Durysta eliminates the need for cumbersome eyedrops.

It’s well known that administering eyedrops poses challenges for patients.

Margot L. Goodkin, MD, PhD, executive director, Clinical Development, at Allergan, says that some patients may have physical challenges that make using drops difficult. In addition, some patients may forget to use their eyedrops or have to juggle administering several medications per day.

For patients with open-angle glaucoma or ocular hypertension, Allergan’s Durysta may be a good option. It is the first FDA-approved intracameral, biodegradable sustained-release implant indicated to reduce IOP in these patients.

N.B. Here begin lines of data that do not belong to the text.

Lemma rad_paths_rigid :
  (forall U V, simple_sq As U V -> forall d, constituent As (R d.+1) (R d) U V ->
     exists p : nat -> 'M[F]_n * 'M[F]_n,
       ext_path As (rad_points As R L) (L - 1 - d) p /\
       iso_sq As (p 0%N).1 (p 0%N).2 U V) -> rigid R T L.
Proof.
move=> paths k kL; apply/andP; split; first exact: rad_sub_soc.
apply: no_occurs_sub (submodT _) (rad_sub_soc kL) _ => i; apply/negP => hi.
have [a [b [ak bk ha hb]]] := non_rigid_layers kL hi.
have [U [V [sUV _ _ hUV]]] := occurs_simple_sub (submodR _) (submodR _) (radS _) ha.
have cst := occurs_constituent (submodR _) (submodR _) (radS _) ha sUV hUV.
have [p [[Hs Hp] iso0]] := paths U V sUV a cst.
have lb : (L - 1 - a <= b)%N.
  apply: (layer_chain_dec (P := fun k => soc_level (p k).1 (p k).2)).
  - by move=> t tm; exact: soc_level_ex (Hs t tm).
  - by move=> t b1 b2 tm; exact: rad_points_soc_level (Hs t (ltnW tm)) (Hs t.+1 tm) (Hp t tm).
  by exists i => //; exact: iso_sq_occursV (Hs 0%N (leq0n _)) sUV iso0 hUV.
lia.
Qed.

Lemma soc_paths_rigid :
  (forall U V, simple_sq As U V -> forall d, constituent As (T d) (T d.+1) U V ->
     exists p : nat -> 'M[F]_n * 'M[F]_n,
       ext_path As (soc_points As T L) (L - 1 - d) p /\
       iso_sq As (p (L - 1 - d)%N).1 (p (L - 1 - d)%N).2 U V) -> rigid R T L.
Proof.
move=> paths k kL; apply/andP; split; first exact: rad_sub_soc.
apply: no_occurs_sub (submodT _) (rad_sub_soc kL) _ => i; apply/negP => hi.
have [a [b [ak bk ha hb]]] := non_rigid_layers kL hi.
have [U [V [sUV _ _ hUV]]] := occurs_simple_sub (submodT _) (submodT _) (socS _) hb.
have cst := occurs_constituent (submodT _) (submodT _) (socS _) hb sUV hUV.
have [p [[Hs Hp] isom]] := paths U V sUV b cst.
have lb : (L - 1 - b <= a)%N.
  apply: (layer_chain_inc (P := fun k => rad_level (p k).1 (p k).2)).
  - by move=> t tm; exact: rad_level_ex (Hs t tm).
  - by move=> t a1 a2 tm; exact: soc_points_rad_level (Hs t (ltnW tm)) (Hs t.+1 tm) (Hp t tm).
  by exists i => //; exact: iso_sq_occursV (Hs _ (leqnn _)) sUV isom hUV.
lia.
Qed.
(* Let $q$ be a set of operations on a set $\Omega$ and write $\sim$ for $\sim_q$. Then: (1) $\mathrm{Sim}(q)/\!\sim\;=\mathrm{Aut}(q/\!\sim)$, where $\mathrm{Sim}(q)/\!\sim\;=\{\pi/\!\sim:\pi\in\mathrm{Sim}(q)\}$; (2) a quantifier $Q$ on $\Omega$ belongs to $\mathrm{Inv}(\mathrm{Sim}(q))$ if and only if $Q/\!\sim\;\in\mathrm{Inv}(\mathrm{Aut}(q/\!\sim))$.
   Context: A similarity on $\Omega$ is a relation $\pi\subseteq\Omega\times\Omega$ such that every $a$ has some $b$ with $a\pi b$ and every $b$ has some $a$ with $a\pi b$; for relations $R,S\subseteq\Omega^k$, $R\,\pi\,S$ means that coordinatewise $\bar a\pi\bar b$ implies ($\bar a\in R\iff\bar b\in S$). A set of operations is a set of finitary relations and quantifiers (subsets of $\mathcal P(\Omega^{k_1})\times\cdots\times\mathcal P(\Omega^{k_l})$) on $\Omega$; $\mathscr L^-_{\infty\infty}(q)$ is the equality-free infinitary logic with predicate and Lindström quantifier symbols for members of $q$. $a\sim_q b$ iff for all formulas $\phi(x,\bar y)$ of $\mathscr L^-_{\infty\infty}(q)$ and tuples $\bar c$, $\phi(a,\bar c)\iff\phi(b,\bar c)$. A relation is invariant under a similarity or equivalence $\rho$ if $\bar a\rho\bar b$ implies $\bar a\in R\iff\bar b\in R$; a quantifier $Q$ is $\sim$-invariant under $\pi$ if for all $\bar R,\bar S$ of its type with each component invariant under $\sim$ and $R_i\,\pi\,S_i$: $\bar R\in Q\iff\bar S\in Q$. $\mathrm{Sim}(q)$: similarities under which all relations of $q$ are invariant and all quantifiers of $q$ are $\sim_q$-invariant. For a set $\Pi$ of similarities, $a\approx_\Pi b$ iff for each finite $k$ and $\bar c\in\Omega^k$ some $\pi\in\Pi$ has $(a,\bar c)\,\pi\,(b,\bar c)$; $\mathrm{Inv}(\Pi)$ is the set of relations invariant under all $\pi\in\Pi$ and quantifiers $\approx_\Pi$-invariant under all $\pi\in\Pi$. With $[a]$ the $\sim$-class of $a$: $\pi/\!\sim\;=\{([a],[b]):a\pi b\}$; for $R\subseteq\Omega^k$, $R/\!\sim\;=\{([a_1],\dots,[a_k]):(a_1,\dots,a_k)\in R\}$; for $R'\subseteq(\Omega/\!\sim)^k$, $\cup R'=\{\bar a\in\Omega^k:([a_1],\dots,[a_k])\in R'\}$; for a quantifier $Q$ on $\Omega$, $Q/\!\sim\;=\{(R'_1,\dots,R'_l):(\cup R'_1,\dots,\cup R'_l)\in Q\}$; $q/\!\sim$ is the set of $R/\!\sim$ and $Q/\!\sim$ for relations $R$ and quantifiers $Q$ in $q$. For a set $\mathcal Q$ of relations and quantifiers on a set $\Omega'$, $\mathrm{Aut}(\mathcal Q)$ is the set of permutations $f$ of $\Omega'$ with $fR=R$ for relations and $(R_1,\dots,R_l)\in Q\iff(fR_1,\dots,fR_l)\in Q$ for quantifiers in $\mathcal Q$; for a set $H$ of permutations of $\Omega'$, $\mathrm{Inv}(H)$ is the set of relations and quantifiers on $\Omega'$ preserved in this sense by all $f\in H$. *)

From mathcomp Require Import all_boot.
Set Implicit Arguments. Unset Strict Implicit. Unset Printing Implicit Defensive.
Lemma gamma_contains_mask x v : contains (gamma x) v ->
  exists2 m : bitseq, size m = size x & order_iso (gamma (mask m x)) v.
Proof.
move=> [m' [_ iso_v]]; set V := mask m' (gamma x) in iso_v.
pose m := map (mem V) (iota 1 (size x)).
have size_m : size m = size x by rewrite size_map size_iota.
exists m => //; apply: order_iso_trans iso_v; apply: order_iso_sym.
have <- : filter (mem (mask m (iota 1 (size x)))) (gamma x) = V.
  rewrite -filter_mask [RHS](mask_filter _ (uniq_gamma x)); apply: eq_in_filter => i.
  by rewrite mem_gamma !inE mem_filter mem_iota add1n ltnS => ->; rewrite andbT.
exact: order_iso_gamma_mask.
Qed.

Lemma avoids_classP x y :
  (forall z, is_cayley z -> gamma z = gamma y -> avoids x z) <->
  avoids (gamma x) (gamma y).
Proof.
split=> [avoid_x | avoid_gx z _ gamma_z [m [size_m iso_z]]]; last first.
  apply: avoid_gx; rewrite -gamma_z -(gamma_order_iso iso_z).
  exact: contains_gamma_mask.
move=> /gamma_contains_mask[m size_m iso_y].
have gamma_w : gamma (mask m x) = gamma y.
  apply: (perm_order_iso_eq (perm_gamma _) _ iso_y).
  by case: iso_y; rewrite !size_gamma => -> _; apply: perm_gamma.
apply: (avoid_x (std (mask m x))); first exact: std_cayley.
  by rewrite -(gamma_order_iso (order_iso_std _)).
by exists m; split; last exact: order_iso_std.
Qed.

Lemma gamma_perm_inv sigma : is_perm sigma -> gamma (perm_inv sigma) = sigma.
Proof.
move=> sigma_perm; set n := size sigma.
have sigma_uniq := is_perm_uniq sigma_perm.
have mem_sigma j : (j \in sigma) = (0 < j <= n) by apply: is_perm_mem.
have size_inv : size (perm_inv sigma) = n by rewrite size_map size_iota.
have nth_inv j : 0 < j <= n -> nth 0 (perm_inv sigma) j.-1 = (index j sigma).+1.
  move=> /andP[j_pos le_jn].
  by rewrite (nth_map 0) ?size_iota ?nth_iota ?add1n ?prednK // -ltnS prednK.
apply: gamma_eq_sorted; first by rewrite size_inv.
rewrite -[X in sorted _ X](mkseq_nth 0 sigma) /mkseq sorted_map.
apply: (sub_in_sorted (P := gtn n) (e := ltn)) (iota_ltn_sorted 0 n); last first.
  by apply/allP => l; rewrite mem_iota.
move=> l l' lt_ln lt_l'n lt_ll'; rewrite /relpre /gamma_le /gamma_rel /=.
by rewrite !nth_inv -?mem_sigma ?mem_nth // !index_uniq // ltnS (lt_ll' : l < l').
Qed.
Lemma map_decision_lits (M : nat) (s : substitution) (b : nat) (G : list literal)
  (F H : literal -> literal) :
  (forall p g, In g G -> F (decision_lit M s p g) = H g) ->
  map F (decision_lits M s b G) = map H G.
Proof.
  revert b; induction G as [|g G IH]; intros b HF; simpl; [reflexivity|].
  f_equal; [apply HF; simpl; auto|]. apply IH. intros; apply HF; simpl; auto.
Qed.

Lemma decision_lits_Forall2 (M : nat) (s : substitution) (b : nat) (G : list literal)
  (R : literal -> literal -> Prop) :
  (forall p g, In g G -> R (decision_lit M s p g) (dual g)) ->
  Forall2 R (decision_lits M s b G) (map dual G).
Proof.
  revert b; induction G as [|g G IH]; intros b HR; simpl; constructor.
  - apply HR; simpl; auto.
  - apply IH. intros; apply HR; simpl; auto.
Qed.

Lemma tagged_by_decision_lit (M : nat) (s : substitution) (p : nat) (g : literal) :
  tagged_by M p [decision_lit M s p g].
Proof. exact (tagged_by_fresh M p (lsubst s g)). Qed.

Definition premises_below (D : cr_deriv) : Prop :=
  forall k p, In p (cr_premises (cjst D k)) -> p < k.

Definition is_premise (D : cr_deriv) (p : nat) : Prop :=
  exists k, k < length D /\ In p (cr_premises (cjst D k)).

Definition closed_just (J : cr_just) : Prop :=
  match J with CLeaf | CLearn _ => True | _ => False end.

Lemma cjst_overflow (D : cr_deriv) (k : nat) : length D <= k -> cjst D k = CLeaf.
Proof. intros H. unfold cjst. rewrite nth_overflow; auto. Qed.

Lemma ccl_app_l (D E : cr_deriv) (k : nat) : k < length D -> ccl (D ++ E) k = ccl D k.
Proof. intros H. unfold ccl. rewrite app_nth1; auto. Qed.

Lemma cjst_app_l (D E : cr_deriv) (k : nat) : k < length D -> cjst (D ++ E) k = cjst D k.
Proof. intros H. unfold cjst. rewrite app_nth1; auto. Qed.

Lemma premises_below_of_steps (Cs : list clause) (D : cr_deriv) :
  (forall k, k < length D -> cr_step_ok Cs D k) -> premises_below D.
Proof.
  intros H k p Hp. destruct (Nat.lt_ge_cases k (length D)) as [Hk|Hk].
  - specialize (H k Hk). unfold cr_step_ok in H.
    destruct (cjst D k); simpl in Hp; try contradiction.
    + destruct H as [H1 [H2 _]]. apply in_app_or in Hp as [Hp|[<-|[]]]; auto.
      exact (proj1 (Forall_forall _ _) H1 p Hp).
    + destruct H as [H1 [H2 _]]. destruct Hp as [<-|[<-|[]]]; auto.
    + destruct H as [H1 _]. destruct Hp as [<-|[]]; auto.
  - rewrite cjst_overflow in Hp by exact Hk. contradiction.
Qed.

Lemma premises_below_app (D E : cr_deriv) :
  premises_below D ->
  (forall k p, length D <= k < length (D ++ E) ->
     In p (cr_premises (cjst (D ++ E) k)) -> p < k) ->
  premises_below (D ++ E).
Proof.
  intros HD HE k p Hp. destruct (Nat.lt_ge_cases k (length D)) as [Hk|Hk].
  - rewrite cjst_app_l in Hp by exact Hk. exact (HD k p Hp).
  - destruct (Nat.lt_ge_cases k (length (D ++ E))) as [Hk'|Hk'].
    + apply HE; auto.
    + rewrite cjst_overflow in Hp by exact Hk'. contradiction.
Qed.

(** With premises below their conclusion, the fuel [S k] of [open_paths] is
    enough, so it unfolds as a well-founded recursion. *)
Lemma open_paths_f_fuel (D : cr_deriv) (n f f' k : nat) :
  premises_below D -> k < n -> k < f -> k < f' ->
  open_paths_f f D k = open_paths_f f' D k.
Proof.
  intros HD. revert f f' k. induction n as [|n IH]; intros f f' k Hn Hf Hf'; [lia|].
  destruct f as [|f]; [lia|]. destruct f' as [|f']; [lia|]. cbn [open_paths_f].
  assert (HP := HD k). destruct (cjst D k); auto; f_equal;
    apply flat_map_ext_In; intros p Hp; apply nodup_In, HP in Hp; apply IH; lia.
Qed.

Lemma open_paths_unfold (D : cr_deriv) (k : nat) :
  premises_below D ->
  open_paths D k =
  match cjst D k with
  | CLeaf | CLearn _ => []
  | CDecide => ccl D k
  | CUnitProp us j s =>
      map (lsubst s) (flat_map (open_paths D) (nodup Nat.eq_dec (us ++ [j])))
  | CConflict i j s =>
      map (lsubst s) (flat_map (open_paths D) (nodup Nat.eq_dec [i; j]))
  end.
Proof.
  intros HD. unfold open_paths at 1. cbn [open_paths_f]. assert (HP := HD k).
  destruct (cjst D k); auto; f_equal;
    apply flat_map_ext_In; intros p Hp; apply nodup_In, HP in Hp;
    apply (open_paths_f_fuel D (S k)); auto; lia.
Qed.
Definition table_m1 (q : nat) : seq (seq C) :=
  let qC := (q%:R : C) in
  let m := ((q - 3) %/ 4)%N in
  let kE := ((q + 1) %/ 4)%N in
  [:: col_m1 q 1 (fun _ => (qC - 1) / 2) (fun _ => qC - 1) qC (fun _ => qC + 1)] (* C_0 *)
  ++ [seq col_m1 q 1 (fun c => (-1 + 'i * sgn (k + c) * sqrtC qC) / 2)
          (fun _ => -1) 0 (fun _ => 1) | k <- iota 1 2]                          (* D_k *)
  ++ [seq col_m1 q 1 (fun _ => 0) (fun _ => 0) 1 (fun c => cs (q - 1) (2 * k * c))
       | k <- iota 1 m]                                                           (* A_k *)
  ++ [seq col_m1 q 1 (fun _ => sgn (k + 1)) (fun c => - cs (q + 1) (2 * k * c))
          (-1) (fun _ => 0) | k <- iota 1 m]                                      (* B_k *)
  ++ [:: col_m1 q 1 (fun _ => sgn (kE + 1)) (fun c => - (2 * sgn c)) (-1)
          (fun _ => 0)].                                                          (* E *)

(* rows: x_{1,1}; x_{(q+1)/2,c} (c in {1,2}); x_{q-1,c} (1<=c<=(q-1)/4);
         x_{q,1}; x_{q+1,c} (1<=c<=(q-5)/4) *)
Definition col_p1 (q : nat) (a : C) (h f : nat -> C) (b : C) (g : nat -> C) : seq C :=
  a :: fam 2 h ++ fam ((q - 1) %/ 4) f ++ b :: fam ((q - 5) %/ 4) g.

Definition table_p1 (q : nat) : seq (seq C) :=
  let qC := (q%:R : C) in
  let kE := ((q - 1) %/ 4)%N in
  [:: col_p1 q 1 (fun _ => (qC + 1) / 2) (fun _ => qC - 1) qC (fun _ => qC + 1)] (* C_0 *)
  ++ [seq col_p1 q 1 (fun c => (1 + sgn (k + c) * sqrtC qC) / 2)
          (fun _ => -1) 0 (fun _ => 1) | k <- iota 1 2]                          (* D_k *)
  ++ [seq col_p1 q 1 (fun _ => sgn k) (fun _ => 0) 1 (fun c => cs (q - 1) (2 * k * c))
       | k <- iota 1 ((q - 5) %/ 4)]                                              (* A_k *)
  ++ [:: col_p1 q 1 (fun _ => sgn kE) (fun _ => 0) 1 (fun c => 2 * sgn c)]        (* E *)
  ++ [seq col_p1 q 1 (fun _ => 0) (fun c => - cs (q + 1) (2 * k * c)) (-1)
          (fun _ => 0) | k <- iota 1 ((q - 1) %/ 4)].                             (* B_k *)

(* The formal table T_q, as the list of its columns (first column C_0). *)
Definition table (q : nat) : seq (seq C) :=
  if ~~ odd q then table_even q
  else if (q %% 4 == 3)%N then table_m1 q else table_p1 q.

Definition codegree (col : seq C) : C := \sum_(x <- col) `|x| ^+ 2.

End FusionTable.

From HB Require Import structures.
From mathcomp Require Import all_boot all_order all_algebra.
From mathcomp Require Import reals trigo.
From mathcomp Require Import complex.
From mathcomp Require Import ring lra zify.
Set Implicit Arguments.
Unset Strict Implicit.
Unset Printing Implicit Defensive.
Import Order.TTheory GRing.Theory Num.Theory.
Local Open Scope ring_scope.
Local Open Scope complex_scope.

(* Every column of T_q other than C_0 has a codegree in closed form: q for
   C_1 and the D_k, q - 1 or q + 1 for the A_k, B_k (q even) and E, and
   (q - 1)/2 or (q + 1)/2 for the A_k, B_k (q odd).  The cosine entries enter
   only through sums of (2 cos (c psi))^2 for c = 1..M, which telescope to
   2M - 1 + sin ((2M + 1) psi) / sin psi; for the angles psi occurring in the
   table, (2M + 1) psi or (2M + 2) psi is a multiple of 2 pi.  With these
   values the sum of 1/c_s^2 over the columns s <> C_0 is at most 1/2, and
   since c_{C_0} >= q^2 >= 4 we also have 2/c_{C_0}^2 <= 1/c_{C_0}. *)

Section Inequalities.
Variable R : realFieldType.
Implicit Types a b c x : R.

Lemma ler_pdivr_sqr a b c : 0 < b -> a <= c * b ^+ 2 -> a / b ^+ 2 <= c.
Proof. by move=> b_gt0; rewrite ler_pdivrMr // exprn_gt0. Qed.

Lemma invr_sqr_le a b : 0 < b -> 1 <= a * b ^+ 2 -> b ^- 2 <= a.
Proof. by move=> b_gt0; rewrite -div1r; apply: ler_pdivr_sqr. Qed.

Lemma codegree_ineqR c S : 2 <= c -> S <= 2^-1 -> 2 * (c ^- 2 + S) <= 1 + c^-1.
Proof.
move=> c_ge2 S_le.
have inv_le : c^-1 <= 2^-1 by rewrite lef_pV2 ?posrE //; lra.
have inv_ge0 : 0 <= c^-1 by rewrite invr_ge0; lra.
rewrite -exprVn expr2; nra.
Qed.

Lemma tail_even_le x : 1 <= x ->
  (2 * x) ^- 2 + (x - 1) * (2 * x - 1) ^- 2 + x * (2 * x + 1) ^- 2 <= 2^-1.
Proof.
move=> x_ge1.
have t1 : (2 * x) ^- 2 <= 4^-1 by apply: invr_sqr_le; nra.
have t2 : (x - 1) * (2 * x - 1) ^- 2 <= 8^-1.
  by apply: ler_pdivr_sqr; have := sqr_ge0 (2 * x - 3); nra.
have t3 : x * (2 * x + 1) ^- 2 <= 8^-1.
  by apply: ler_pdivr_sqr; have := sqr_ge0 (2 * x - 1); nra.
lra.
Qed.

Lemma tail_m1_le x : 0 <= x ->
  2 * (4 * x + 3) ^- 2 + x * (2 * x + 1) ^- 2 + x * (2 * x + 2) ^- 2
    + (4 * x + 4) ^- 2 <= 2^-1.
Proof.
move=> x_ge0.
have t1 : (4 * x + 3) ^- 2 <= 9^-1.
  by apply: invr_sqr_le; have := sqr_ge0 x; nra.
have t2 : x * (2 * x + 1) ^- 2 <= 8^-1.
  by apply: ler_pdivr_sqr; have := sqr_ge0 (2 * x - 1); nra.
have t3 : x * (2 * x + 2) ^- 2 <= 16^-1.
  by apply: ler_pdivr_sqr; have := sqr_ge0 (x - 1); nra.
have t4 : (4 * x + 4) ^- 2 <= 16^-1.
  by apply: invr_sqr_le; have := sqr_ge0 x; nra.
lra.
Qed.

Lemma tail_p1_le x : 1 <= x ->
  2 * (4 * x + 1) ^- 2 + (x - 1) * (2 * x) ^- 2 + (4 * x) ^- 2
    + x * (2 * x + 1) ^- 2 <= 2^-1.
Proof.
move=> x_ge1.
have t1 : (4 * x + 1) ^- 2 <= 25^-1 by apply: invr_sqr_le; nra.
have t2 : (x - 1) * (2 * x) ^- 2 <= 16^-1.
  by apply: ler_pdivr_sqr; have := sqr_ge0 (x - 2); nra.
have t3 : (4 * x) ^- 2 <= 16^-1 by apply: invr_sqr_le; nra.
have t4 : x * (2 * x + 1) ^- 2 <= 8^-1.
  by apply: ler_pdivr_sqr; have := sqr_ge0 (2 * x - 1); nra.
lra.
Qed.

End Inequalities.

Section IotaSums.
Variable R : pzRingType.

Lemma sum_iota_cst M (x : R) : \sum_(k <- iota 1 M) x = M%:R * x.
Proof. by rewrite big_const_seq count_predT size_iota iter_addr_0 mulr_natl. Qed.

Lemma sum_iota_eq_cst M (F : nat -> R) x : (forall k, (0 < k <= M)%N -> F k = x) ->
  \sum_(k <- iota 1 M) F k = M%:R * x.
Proof.
move=> Fx; rewrite -sum_iota_cst; apply: eq_big_seq => k.
by rewrite mem_iota => k_range; apply: Fx; lia.
Qed.

End IotaSums.

Section Trigonometry.
Variable R : realType.
Implicit Types psi : R.

Lemma sin_mul_sum_sqr_cos psi M :
  sin psi * \sum_(c <- iota 1 M) (2 * cos (c%:R * psi)) ^+ 2
  = (2 * M%:R - 1) * sin psi + sin ((2 * M + 1)%:R * psi).
Proof.
elim: M => [|M IH]; first by rewrite big_nil mulr0 add0n mul1r; ring.
rewrite -{1}[M.+1]addn1 iotaD big_cat big_seq1 /= add1n mulrDr IH.
set a := M.+1%:R * psi.
have -> : (2 * M + 1)%:R * psi = a + a - psi by rewrite /a natrD natrM -natr1; ring.
have -> : (2 * M.+1 + 1)%:R * psi = a + a + psi by rewrite /a natrD natrM; ring.
have sin2a : sin (a + a) = 2 * sin a * cos a by rewrite sinD; ring.
have cos2a : cos (a + a) = cos a ^+ 2 - sin a ^+ 2 by rewrite cosD; ring.
rewrite sinB [sin (a + a + psi)]sinD !sin2a !cos2a -[M.+1%:R]natr1 sin2cos2; ring.
Qed.
Lemma is_derive_sqr_expR f df k x : is_derive x 1 f (df x) ->
  is_derive x 1 (fun t => f t * f t * expR (k * t))
    ((2 * f x * df x + k * (f x * f x)) * expR (k * x)).
Proof.
move=> fd.
have dlin : is_derive x 1 (fun t => k * t) k.
  by apply: is_derive_eq (is_deriveZ k (is_derive_id x 1)) _; rewrite /GRing.scale /= mulr1.
have dexp : is_derive x 1 (fun t => expR (k * t)) (expR (k * x) * k).
  exact: is_derive1_comp.
have dsqr : is_derive x 1 (fun t => f t * f t) (2 * f x * df x).
  by apply: is_derive_eq (is_deriveM fd fd) _; rewrite /GRing.scale /=; ring.
by apply: is_derive_eq (is_deriveM dsqr dexp) _; rewrite /GRing.scale /=; ring.
Qed.

Lemma normM_le_sqr u v C : `|v| <= C * `|u| -> `|u * v| <= C * (u * u).
Proof.
move=> vC; have -> : C * (u * u) = `|u| * (C * `|u|).
  by rewrite [RHS]mulrCA -normrM ger0_norm // -expr2 sqr_ge0.
by rewrite normrM; apply: ler_wpM2l.
Qed.

(* f^2 e^{2Ct} is nondecreasing and f^2 e^{-2Ct} nonincreasing, so a zero of f
   propagates in both directions. *)
Lemma gronwall_eq0 f df C a b : a <= b ->
  {within `[a, b], continuous f} ->
  (forall x, x \in `]a, b[ -> is_derive x 1 f (df x)) ->
  (forall x, x \in `]a, b[ -> `|df x| <= C * `|f x|) ->
  f a = 0 <-> f b = 0.
Proof.
move=> ab cf fd fC.
pose g k t := f t * f t * expR (k * t).
have g_cont k : {within `[a, b], continuous g k}.
  have expk_cont : continuous (fun t => expR (k * t)).
    move=> t; apply: (continuous_comp (f := fun t => k * t)).
      by apply: continuousM; [exact: cvg_cst | exact: cvg_id].
    exact: continuous_expR.
  move=> x; apply: (@continuousM R (subspace `[a, b]) (fun t => f t * f t)).
    exact: continuousM (cf x) (cf x).
  exact: continuous_subspaceT expk_cont x.
pose dg k x := (2 * f x * df x + k * (f x * f x)) * expR (k * x).
have g_der k x : x \in `]a, b[ -> is_derive x 1 (g k) (dg k x) :=
  fun xab => is_derive_sqr_expR f df k x (fd x xab).
have fdf x : x \in `]a, b[ -> - (C * (f x * f x)) <= f x * df x <= C * (f x * f x).
  by move=> xab; rewrite -ler_norml normM_le_sqr ?fC.
have g_eq0 k x : g k x <= 0 -> f x = 0.
  rewrite pmulr_lle0 ?expR_gt0 // => ff0.
  by apply/eqP; rewrite -sqrf_eq0 eq_le sqr_ge0 expr2 ff0.
have g_up : g (2 * C) a <= g (2 * C) b.
  suff : 0 * (b - a) <= g (2 * C) b - g (2 * C) a by rewrite mul0r; lra.
  apply: (MVT_lb _ (dg (2 * C))) => // x xab.
  have := fdf x xab; rewrite /dg pmulr_lge0 ?expR_gt0 //; lra.
have g_down : g (- (2 * C)) b <= g (- (2 * C)) a.
  suff : 0 * (b - a) <= - g (- (2 * C)) b - - g (- (2 * C)) a by rewrite mul0r; lra.
  apply: (MVT_lb (fun t => - g (- (2 * C)) t) (fun t => - dg (- (2 * C)) t)) => //.
  - by move=> x; apply: continuousN; exact: g_cont.
  - by move=> x xab; apply: is_deriveN; exact: g_der.
  - move=> x xab; have := fdf x xab.
    rewrite /dg oppr_ge0 pmulr_lle0 ?expR_gt0 //; lra.
split=> [fa0 | fb0].
- by apply: (g_eq0 (- (2 * C))); apply: le_trans g_down _; rewrite /g fa0 !mul0r.
- by apply: (g_eq0 (2 * C)); apply: le_trans g_up _; rewrite /g fb0 !mul0r.
Qed.
Lemma iter_derived_n k : k < m -> iter n f' k = k.
Proof.
move=> km; have n1 : n.-1 < n by rewrite prednK.
rewrite -[n in iter n](prednK n_gt0) iterS -{1}(modn_small km) -pi_sum_iter_derived //.
have n1_1 : (n.-1 + 1 %% n) %% n = 0 by rewrite modnDmr addn1 prednK // modnn.
rewrite derivedE -pi_sum_modf ?ltn_pmod // -pi_sumDr ?ltn_pmod //.
by rewrite n1_1 pi_sum_at0 modn_small.
Qed.

Lemma derived_skewE a b : a < m -> b < m ->
  f' ((a + b) %% m) = (f' a + iter (iter a f (1 %% n)) f' b) %% m.
Proof.
move=> am bm; have un : 1 %% n < n by rewrite ltn_pmod.
have := pi_sum_iter_derived b (iter_lt fP a un); rewrite (modn_small bm) => <-.
by rewrite !derivedE -pi_sum_modf ?ltn_pmod // modnDm -pi_sumD.
Qed.

Lemma derived_is_skew : is_skew m f'.
Proof.
split.
- by move=> x _; rewrite derivedE ltn_pmod.
- move=> x y xm ym fxy.
  rewrite -(iter_derived_n xm) -(iter_derived_n ym).
  by rewrite -[n in iter n _ x](prednK n_gt0) -[n in iter n _ y](prednK n_gt0) !iterSr fxy.
- by rewrite derivedE pi_sum0 mod0n.
by move=> a am; exists (iter a f (1 %% n)) => b bm; apply: derived_skewE.
Qed.

Lemma pif_iter_derived x : x < n -> pi x %% m = iter x f' (1 %% m).
Proof.
move=> xn; have := pifD n_gt0 xn; rewrite add0n (modn_small xn) => ->.
by rewrite pi_sum_iter_derived // pif0.
Qed.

“Durysta takes the hassle out of using eyedrops to treat glaucoma, and the medication doesn’t have preservatives like drops do,” says Randy Craven, MD, chief, Wilmer Eye Institute at Bethesda, vice chair of Wilmer Practice Network and associate professor at Johns Hopkins University School of Medicine, located in Bethesda, Md. “The implant provides continual delivery of bimatoprost for a long period of time, so if patients forget to use their drops or don’t get their refill on time, they still have the comfort of knowing that the drug is being delivered.”

Furthermore, the implant benefits ophthalmologists by putting the treatment into their hands rather than in patients’ hands, Dr. Goodkin says.

“It allows physicians to get away from the unknown variable of whether or not a patient is using their medication,” adds Dr. Craven.

HOW IT WORKS

Durysta is delivered directly into the eye’s anterior chamber, where the tissues involved in lowering IOP are located. It works by enhancing aqueous outflow from the eye, Dr. Goodkin explains.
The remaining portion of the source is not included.